Explain Codes LogoExplain Codes Logo

Fastest way to list all primes below N

python
algorithm
optimization
numpy
Anton ShumikhinbyAnton Shumikhin·Dec 20, 2024
TLDR

The Sieve of Eratosthenes is your quickest bet. It uses a boolean array where non-primes are marked False. Primes are then appended to your list:

def get_primes(n): sieve, primes = [True] * n, [] for p in range(2, n): if sieve[p]: primes.append(p) for i in range(p*p, n, p): sieve[i] = False return primes

Call get_primes(N) to swiftly retrieve primes below N.

Breaking down the algorithm

The Sieve of Eratosthenes is a simple and efficient way to list primes up to N. It works by iteratively marking multiples of a number as non-prime (False), starting from 2. With each subsequent pass, we skip multiples of already discovered primes.

Cutting computational memory by half

A valid update is ignoring even numbers after 2. No other even number can be prime, hence this tweak reduces memory usage and computational load by roughly half:

def get_primes.optimized(n): sieve = [True if i%2 != 0 else False for i in range(n)] primes = [] for p in range(2, n): if sieve[p]: primes.append(p) for i in range(p*2, n, p): sieve[i] = False # Remove the "evil" non-primes. return primes

The numpy magic carpet

Numpy can speed up prime generation due to its superpower: optimised array operations. By using numpy arrays, we can achieve hardware acceleration for bulk operations, resulting in a significant speed improvement over Python's built-in lists:

import numpy def get_primes_numpy(n): sieve = numpy.ones(n//2, dtype=bool) for i in range(3, int(n**0.5)+1, 2): if sieve[i//2]: sieve[i*i//2::i] = False # "Avada Kedavra" to non-primes Voldemort loves. return numpy.r_[2, 2*numpy.nonzero(sieve)[0][1::]+1] # (2 included as a special case)

Other contenders for the throne

While the Sieve of Eratosthenes is a classic, other techniques like the Sieve of Atkin and Sundaram's Sieve offer their own benefits.

Sieve of Atkin: the big brother

More complex but optimizegable for extremely large N, the Sieve of Atkin uses complex formulations to skip irrelevant numbers. However, it can feel like you're reading Fourier's work instead of generating primes.
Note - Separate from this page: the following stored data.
Lemma trinomial_pos_eq0 {b0 b1 b2 : R} {e0 e1 e2 : nat} {s1 s2 s3 : R} :
  (e0 < e1 < e2)%N -> 0 < s1 -> s1 < s2 -> s2 < s3 ->
  (forall s, s \in [:: s1; s2; s3] -> b0 * s ^+ e0 + b1 * s ^+ e1 + b2 * s ^+ e2 = 0) ->
  [/\ b0 = 0, b1 = 0 & b2 = 0].
Proof.
move=> /andP[e01 e12] s1_gt0 s12 s23 Es.
have s2_gt0 := lt_trans s1_gt0 s12; have s3_gt0 := lt_trans s2_gt0 s23.
move: (e1 - e0)%N (e2 - e0)%N (subnKC (ltnW e01)) (subnKC (ltnW (ltn_trans e01 e12))) => p q.
move=> e1E e2E; subst e1 e2; rewrite ltn_add2l in e12; rewrite -{1}[e0]addn0 ltn_add2l in e01.
have {}Es s : s \in [:: s1; s2; s3] -> b0 + b1 * s ^+ p + b2 * s ^+ q = 0.
  move=> s_in; have s_gt0 : 0 < s by move: s_in; rewrite !inE => /or3P[] /eqP->.
  have := Es s s_in; rewrite (_ : _ + _ = (b0 + b1 * s ^+ p + b2 * s ^+ q) * s ^+ e0).
    by move=> /eqP; rewrite mulf_eq0 expf_eq0 (gt_eqF s_gt0) andbF orbF => /eqP.
  by rewrite !exprD; ring.
pose phi : {poly R} := b0%:P + b1 *: 'X^p + b2 *: 'X^q.
have phiE s : phi.[s] = b0 + b1 * s ^+ p + b2 * s ^+ q by rewrite /phi !hornerE.
have phi'E t : phi^`().[t] = b1 *+ p * t ^+ p.-1 + b2 *+ q * t ^+ q.-1.
  by rewrite /phi !derivE !hornerE !hornerMn !hornerXn; ring.
have [r1 r2 r3] : [/\ phi.[s1] = 0, phi.[s2] = 0 & phi.[s3] = 0].
  by split; rewrite phiE Es // !inE eqxx ?orbT.
have [t1 /[!in_itv]/andP[s1t1 t1s2] d1] := poly_rolle s12 (etrans r1 (esym r2)).
have [t2 /[!in_itv]/andP[s2t2 t2s3] d2] := poly_rolle s23 (etrans r2 (esym r3)).
have t1_gt0 := lt_trans s1_gt0 s1t1; have t12 := lt_trans t1s2 s2t2.
have t2_gt0 := lt_trans t1_gt0 t12.
have pq : (p.-1 < q.-1)%N by move: e01 e12; clear; lia.
have t12_pow : t1 ^+ (q.-1 - p.-1) != t2 ^+ (q.-1 - p.-1).
  by rewrite lt_eqF // ltrXn2r ?(ltW t1_gt0) // subn_eq0 -ltnNge.
rewrite phi'E in d1; rewrite phi'E in d2.
have [/eqP b1p /eqP b2q] := two_term_eq0 pq (lt0r_neq0 t1_gt0) (lt0r_neq0 t2_gt0) t12_pow d1 d2.
move: b1p b2q; rewrite !mulrn_eq0 !eqn0Ngt e01 (ltn_trans e01 e12) /= => /eqP b1_0 /eqP b2_0.
by split=> //; move: r1; rewrite phiE b1_0 b2_0 !mul0r !addr0.
Qed.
Sundaram's Sieve: the lit dark horse

Sundaram's Sieve is an elegant solution, which operates by depreciating numbers from the list that follow the form i+j+2*i*j for all i, j:

def sundaram3(max_n): numbers = list(range(3, max_n+1, 2)) half = (max_n)//2 initial = 4 for step in range(3, max_n+1, 2): for i in range(initial, half, step): numbers[i] = 0 initial += 2*(step+1) if initial > half: return [2]+[x for x in numbers if x]

Think of it as a horse race, where the algorithm you choose depends on the specific quirks of your track (use-case).

Making a choice

When deciding, consider the trade-offs. For smaller tasks, the simplicity of the Sieve of Eratosthenes or Sundaram's Sieve rule. For huge datasets, the Sieve of Atkin's complexity pays off. Always cross-verify the correctness of the generated primes, and remember - you're the one wearing the sorting hat here.